Are Wenger’s latest kids really so special?

Christmas approacheth. Lights are being lit in shopping centres, adverts are being aired on broadcasting stations and pundits are getting over-excited by the performance of Arsene Wenger’s latest crop of youngsters in the Carling Cup – all sure signs of the imminent commemoration of the birth of our Lord. So how good are l’Arse’s latest crop of young gunners? I’d better make clear right now – I haven’t seen them in action (I hate that lot, why would I see them?), so this isn’t really a debate about their quality. I caught the goals in their 3-0 win over Wigan, as I did their 6-0 win over Sheff Utd in the previous round. Well done, very pretty, not particularly impressed. Casting my mind back a few years, Arsene’s kids are regularly trotted out in domestic cup competitions, invariably destroying lesser-rate opponents, but they came a cropper (4-0) vs Man Utd in the FA Cup, and were rather gloriously destroyed 5-1 by my lot in the Carling Cup. Furthermore, lest anyone has forgotten, the 6-0 demolition of Sheff Utd earlier this season was promptly followed by a defeat at home to Hull, or someone similarly nondescript, three days later.

However, there are many (not least the whinger-in-chief himself) who insist that this year’s crop really is something special. I suspect that that Vela character is indeed a bit of a talent, as he’s had the odd cameo in the Premiership, with some degree of success. I’ve also heard particularly good things about Wilshere, and as he is an Englishman with a left foot, there is a sense in which I temper my innate hatred of l’Arse, and watch his career with interest. There may well be a couple of others who make it at the other lot, one or two who go on to the international stage. On the whole however, I’m happy to laugh cynically in the face of all those bleating about what a golden generation this is. Yes, admittedly a sizeable proportion of such guffawing can be attributed to my white-hot anti-l’arse bias – I can admit that my perspective on the red half of north London might occasionally be influenced by two decades of bile and hatred.

However, more broadly, it seems to be a footballing fact, quite possibly supported by the law of averages, that of the plethora of teenagers who debut amidst a blaze of optimistic publicity at a given club, only one or two, if any, go on to establish themselves at that club or a better one. Inevitably, the media fanfare which accompanies the entrance of said youths onto the scene includes the phrases “precocious”, “wonder-kid” and “the boy’s got a big future ahead of him”. But look more closely, my action-indulging chum, and you shall see also phrases synonymous with “shows great potential”, “one for the future” “destined for great things”. And there’s the rub.
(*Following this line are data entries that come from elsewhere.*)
Lemma lexle_total s t : all P s -> all P t -> lexle R s t \/ lexle R t s.
Proof.
elim: s t => [|a s IH] [|b t] /=; try tauto.
move=> /andP[Pa Ps] /andP[Pb Pt].
have [ab|nab] := pselect (R a b); have [ba|nba] := pselect (R b a).
- by case: (IH t Ps Pt) => h; [left|right]; right.
- by left; left.
- by right; left.
- by case: (Rtotal Pa Pb).
Qed.

Fixpoint lexeq (s t : seq word) : Prop :=
  match s, t with
  | [::], [::] => True
  | a :: s', b :: t' => [/\ R a b, R b a & lexeq s' t']
  | _, _ => False
  end.

Lemma lexle_anti s t : lexle R s t -> lexle R t s -> lexeq s t.
Proof.
elim: s t => [|a s IH] [|b t] //=.
by case=> [[ab nba]|[ab [ba st]]] [[ba' nab]|[ba' [ab' ts]]] //; split; auto.
Qed.

Lemma lexeq_lexle s t : lexeq s t -> lexle R s t.
Proof. by elim: s t => [|a s IH] [|b t] //= [ab ba e]; right; auto. Qed.

Lemma lexeq_sym s t : lexeq s t -> lexeq t s.
Proof. by elim: s t => [|a s IH] [|b t] //= [ab ba e]; split; auto. Qed.

Lemma lexeq_rcons s t a b :
  lexeq (rcons s a) (rcons t b) <-> [/\ lexeq s t, R a b & R b a].
Proof.
elim: s t => [|c s IH] [|d t] /=.
- by split=> [[]|[]].
- by case: t => [|? ?]; split=> [[]|[]].
- by case: s {IH} => [|? ?]; split=> [[]|[]].
- split=> [[? ? /IH[? ? ?]]|[[? ? ?] ? ?]]; do ?split=> //.
  exact/IH.
Qed.

Definition upper z (L : seq word) := [seq c <- L | `[< R z c >]].

Fixpoint lexmax_of (s : seq word) : seq word :=
  if s is x :: s' then
    if all (fun y => `[< R y x >]) s' then x :: lexmax_of s' else lexmax_of s'
  else [::].

Lemma lexmax_of_subseq s : subseq (lexmax_of s) s.
Proof.
elim: s => //= x s IH; case: ifP => _; first by rewrite eqxx.
exact: subseq_trans IH (subseq_cons s x).
Qed.

Lemma all_lexmax_of s : all P s -> all P (lexmax_of s).
Proof. exact: subseq_all (lexmax_of_subseq s). Qed.

Lemma lexmax_of_rcons s z : lexmax_of (rcons s z) = rcons (upper z (lexmax_of s)) z.
Proof.
elim: s => //= x s IH; rewrite all_rcons IH.
by case Hz: `[< R z x >]; case: (all _ s); rewrite /= ?Hz.
Qed.

Lemma lexmax_of_head_max s : all P s -> s != [::] ->
  exists g t, [/\ lexmax_of s = g :: t, g \in s & forall y, y \in s -> R y g].
Proof.
elim: s => //= x s IH /andP[Px Ps] _.
case: ifP => dom.
  exists x, (lexmax_of s); split; rewrite ?mem_head //.
  move=> y; rewrite inE => /predU1P[->|ys]; first exact: Rrefl.
  by move/allP: dom => /(_ y ys) /asboolP.
have [w ws /asboolP nwx] : exists2 w, w \in s & ~~ `[< R w x >].
  by apply/allPn; rewrite dom.
have s_nil : s != [::] by case: (s) ws.
have [g [t [E gs Hg]]] := IH Ps s_nil.
exists g, t; split; rewrite ?inE ?gs ?orbT //.
move=> y; rewrite inE => /predU1P[->|]; last exact: Hg.
have Pw : P w := allP Ps w ws; have Pg : P g := allP Ps g gs.
have xw : R x w by case: (Rtotal Px Pw).
exact: (Rtrans Px Pw Pg xw (Hg w ws)).
Qed.

Lemma lexmax_ofP s : all P s -> lexmax R (lexmax_of s) s.
Proof.
move=> Ps; split; first exact: lexmax_of_subseq.
elim: s Ps => [_ [] //|x s IH /[dup] Pxs /andP[Px Ps] [//|y S]].
have [->|nyx] := eqVneq y x; rewrite [subseq _ _]/= ?eqxx ?(negbTE nyx) => sub;
  rewrite [lexmax_of _]/=; case: ifP => dom.
- by right; split; [exact: Rrefl|split; [exact: Rrefl|exact: IH]].
- have [w ws /asboolP nwx] : exists2 w, w \in s & ~~ `[< R w x >].
    by apply/allPn; rewrite dom.
  have [g [t [E gs Hg]]] := lexmax_of_head_max Pxs (isT : x :: s != [::]).
  rewrite /= dom in E; rewrite E.
  have Pw : P w := allP Ps w ws; have Pg : P g := allP Pxs g gs.
  left; split; first by apply: Hg; rewrite mem_head.
  by move=> gx; apply: nwx; apply: (Rtrans Pw Pg Px _ gx); apply: Hg; rewrite inE ws orbT.
- have ys : y \in s := mem_subseq sub (mem_head _ _).
  have yx : R y x by move/allP: dom => /(_ y ys) /asboolP.
  have [xy|nxy] := pselect (R x y); last by left.
  by right; split=> //; split=> //; apply: IH => //; exact: subseq_trans (subseq_cons S y) sub.
- exact: IH.
Qed.

Lemma lexmax_leE s t : all P s -> all P t ->
  lexmax_le R s t <-> lexle R (lexmax_of s) (lexmax_of t).
Proof.
move=> Ps Pt; have Ms := lexmax_ofP Ps; have Mt := lexmax_ofP Pt.
have PMs := all_lexmax_of Ps; have PMt := all_lexmax_of Pt.
split=> [[C [D [[subC maxC] [[subD maxD] CD]]]]|]; last by exists (lexmax_of s), (lexmax_of t).
have PC := subseq_all subC Ps; have PD := subseq_all subD Pt.
have CMt : lexle R C (lexmax_of t) := lexle_trans PC PD PMt CD (Mt.2 _ subD).
exact: lexle_trans PMs PC PMt (maxC _ Ms.1) CMt.
Qed.

Lemma upper_id z L : (forall c, c \in L -> R z c) -> upper z L = L.
Proof. by move=> zL; apply/all_filterP/allP => c /zL /asboolP. Qed.

Lemma upper_upper L x y : all P L -> P x -> P y -> R x y ->
  upper y L = upper y (upper x L).
Proof.
move=> PL Px Py xy; rewrite /upper -filter_predI; apply: eq_in_filter => c cL /=.
have Pc := allP PL c cL.
by case: (asboolP (R y c)) => //= yc; apply/esym/asboolP; exact: (Rtrans Px Py Pc).
Qed.

Lemma lexeq_upper L L' z z' : all P L -> all P L' -> P z -> P z' ->
  lexeq L L' -> R z z' -> R z' z -> lexeq (upper z L) (upper z' L').
Proof.
elim: L L' => [|a L IH] [|b L'] //= /andP[Pa PL] /andP[Pb PL'] Pz Pz' [ab ba e] zz' z'z.
have -> : `[< R z a >] = `[< R z' b >].
  apply/asboolP/asboolP => h.
    exact: (Rtrans Pz' Pz Pb z'z (Rtrans Pz Pa Pb h ab)).
  exact: (Rtrans Pz Pz' Pa zz' (Rtrans Pz' Pb Pa h ba)).
by case: ifP => _ /=; [split|]; auto.
Qed.

Lemma lexle_upper_rcons L x y : all P L -> P x -> P y -> R x y ->
  lexle R (rcons (upper x L) x) (rcons (upper y L) y).
Proof.
elim: L => [|c L IH] /=.
  by move=> _ Px Py xy; have [yx|nyx] := pselect (R y x); [right|left].
move=> /andP[Pc PL] Px Py xy.
case: (asboolP (R y c)) => yc.
  have -> /= : `[< R x c >] by apply/asboolP; exact: (Rtrans Px Py Pc).
  by right; split; [exact: Rrefl|split; [exact: Rrefl|exact: IH]].
case: (asboolP (R x c)) => xc /=; last exact: IH.
have cy : R c y by case: (Rtotal Pc Py).
have [h [t [E Ph yh]]] : exists h t, [/\ rcons (upper y L) y = h :: t, P h & R y h].
  case E: (upper y L) => [|h t] /=; first by exists y, [::]; split=> //; exact: Rrefl.
  have : h \in upper y L by rewrite E mem_head.
  rewrite mem_filter => /andP[/asboolP yh hL].
  by exists h, (rcons t y); split=> //; exact: (allP PL).
rewrite E; left; split; first exact: (Rtrans Pc Py Ph).
by move=> hc; apply: yc; exact: (Rtrans Py Ph Pc).
Qed.

End LexicographicOrder.

Definition eq_rel_on (R1 R2 : word -> word -> Prop) (P : pred word) :=
  forall x y, P x -> P y -> (R1 x y <-> R2 x y).

Section RelationExtensionality.

Variables (R1 R2 : word -> word -> Prop) (P : pred word).
Hypothesis R12 : eq_rel_on R1 R2 P.

Lemma eq_lexle_on s t : all P s -> all P t -> lexle R1 s t <-> lexle R2 s t.
Proof.
elim: s t => [|a s IH] [|b t] //= /andP[Pa Ps] /andP[Pb Pt].
by rewrite (R12 Pa Pb) (R12 Pb Pa) (IH t Ps Pt).
Qed.

Lemma eq_lexmax_on C s : all P s -> lexmax R1 C s <-> lexmax R2 C s.
Proof.
move=> Ps; split=> -[sub maxC]; split=> // S subS; have PS := subseq_all subS Ps.
  by rewrite -(eq_lexle_on PS (subseq_all sub Ps)); exact: maxC.
by rewrite (eq_lexle_on PS (subseq_all sub Ps)); exact: maxC.
Qed.

Lemma eq_lexmax_le_on s t : all P s -> all P t -> lexmax_le R1 s t <-> lexmax_le R2 s t.
Proof.
move=> Ps Pt; split=> -[C [D [maxC [maxD CD]]]]; exists C, D;
  have PC := subseq_all maxC.1 Ps; have PD := subseq_all maxD.1 Pt;
  by split; [apply/(eq_lexmax_on _ Ps)|split; [apply/(eq_lexmax_on _ Pt)|apply/(eq_lexle_on PC PD)]].
Qed.

End RelationExtensionality.

Definition within m M (A : word) := all (fun x => m <= x <= M) A.

Lemma within_cat m M A B : within m M (A ++ B) = within m M A && within m M B.
Proof. exact: all_cat. Qed.

Lemma within_rcons m M A n : within m M A -> m <= n <= M -> within m M (rcons A n).
Proof. by rewrite /within all_rcons => -> ->. Qed.

Lemma within_nil m M A : M < m -> within m M A -> A = [::].
Proof. by case: A => //= x A Mm /andP[/andP[mx xM]]; move: (leq_trans mx xM); rewrite leqNgt Mm. Qed.

Lemma minsym_le s x : x \in s -> minsym s <= x.
Proof.
rewrite /minsym; move: (head 0 s) => x0.
elim: s => //= a s IH; rewrite inE => /predU1P[->|/IH]; first exact: geq_minl.
exact: leq_trans (geq_minr _ _).
Qed.

Lemma minsym_mem s : s != [::] -> minsym s \in s.
Proof.
case: s => // x s _; rewrite /minsym /=.
suff : foldr minn x s \in x :: s by rewrite /minn; case: ifP; rewrite ?mem_head.
elim: s => [|a s IH] /=; first exact: mem_head.
rewrite /minn; case: ifP => _; first by rewrite !inE eqxx orbT.
by move: IH; rewrite !inE => /orP[->|->]; rewrite ?orbT.
Qed.

Lemma maxsym_ge s x : x \in s -> x <= maxsym s.
Proof.
rewrite /maxsym; elim: s => //= a s IH; rewrite inE => /predU1P[->|/IH]; first exact: leq_maxl.
by move/leq_trans; apply; exact: leq_maxr.
Qed.

Lemma within_minsym_maxsym s A : {subset A <= s} -> within (minsym s) (maxsym s) A.
Proof. by move=> sub; apply/allP => x /sub xs; rewrite minsym_le ?maxsym_ge. Qed.

Lemma within_minsym m M s : within m M s -> within (minsym s) M s.
Proof. by move=> /allP Hs; apply/allP => x xs; rewrite minsym_le //; case/andP: (Hs x xs). Qed.

Lemma le_minsym m M s : s != [::] -> within m M s -> m <= minsym s.
Proof. by move=> /minsym_mem sm /allP /(_ _ sm) /andP[]. Qed.

Lemma splitn_cons n a A : splitn n (a :: A) =
  if a == n then [::] :: splitn n A
  else if splitn n A is h :: t then (a :: h) :: t else [:: [:: a]].
Proof. by []. Qed.

Lemma splitn_nonnil n A : exists h t, splitn n A = h :: t.
Proof.
elim: A => [|a A [h [t IH]]]; first by exists [::], [::].
by rewrite splitn_cons IH; case: ifP; eauto.
Qed.

Lemma splitn_notin n A : n \notin A -> splitn n A = [:: A].
Proof.
elim: A => // a A IH; rewrite inE negb_or => /andP[na nA].
by rewrite splitn_cons IH // eq_sym (negbTE na).
Qed.

Lemma splitn_rcons_eq n A : splitn n (rcons A n) = rcons (splitn n A) [::].
Proof.
elim: A => [|a A IH]; first by rewrite /= eqxx.
rewrite rcons_cons !splitn_cons IH; case: ifP => // _.
by have [h [t ->]] := splitn_nonnil n A.
Qed.

Lemma splitn_rcons_neq n k A : k != n ->
  exists i x, splitn n A = rcons i x /\ splitn n (rcons A k) = rcons i (rcons x k).
Proof.
move=> kn; elim: A => [|a A [i [x [E1 E2]]]].
  by exists [::], [::]; rewrite /= (negbTE kn).
rewrite rcons_cons !splitn_cons E1 E2; case: ifP => _; first by exists ([::] :: i), x.
by case: i {E1 E2} => [|h t] /=; [exists [::], (a :: x)|exists ((a :: h) :: t), x].
Qed.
It’s not sufficient for these whippersnappers simply to break into the first team at 16 or 17. Andy Turner did that at Spurs. (To answer your question – exactly). They need not only to make an instant impact, they need then to progress and improve. Fabregas did it. Rooney did it (although some even dare to question whether, really, he has improved that much, the heretics). But for every Fabregas who made it at 16, nailed his place in the team and carried on improving, there are a bucketload who had their 15 mins of under-age precocity and disappeared into the footballing equivalent of that flat glass thing which whisked away the baddies in Superman II. If a player is at the same level at 22 as he was at 16, or even the same at 26 as he was at 21, he’s not really going to make it. I’m thinking of Caskey, Turner, Austin, Edinburgh, Marney, Gardner, Davies and Etherington – all apparently “wonderkids” from Spurs teams gone by. I fear Lennon is going the same way, as is, less depressingly, Jamie “three-touch” O’Hara. They might make it as good honest pros, maybe even win a medal and a handful of international caps along their journeymen careers. But the hype surrounding Wenger’s latest hoarde of ear-studded, excessively-gelled and already cliché-spouting kids would have you believe that a fair number of them will rise to the very heights of the game. I make no attempt to disguise my scepticism.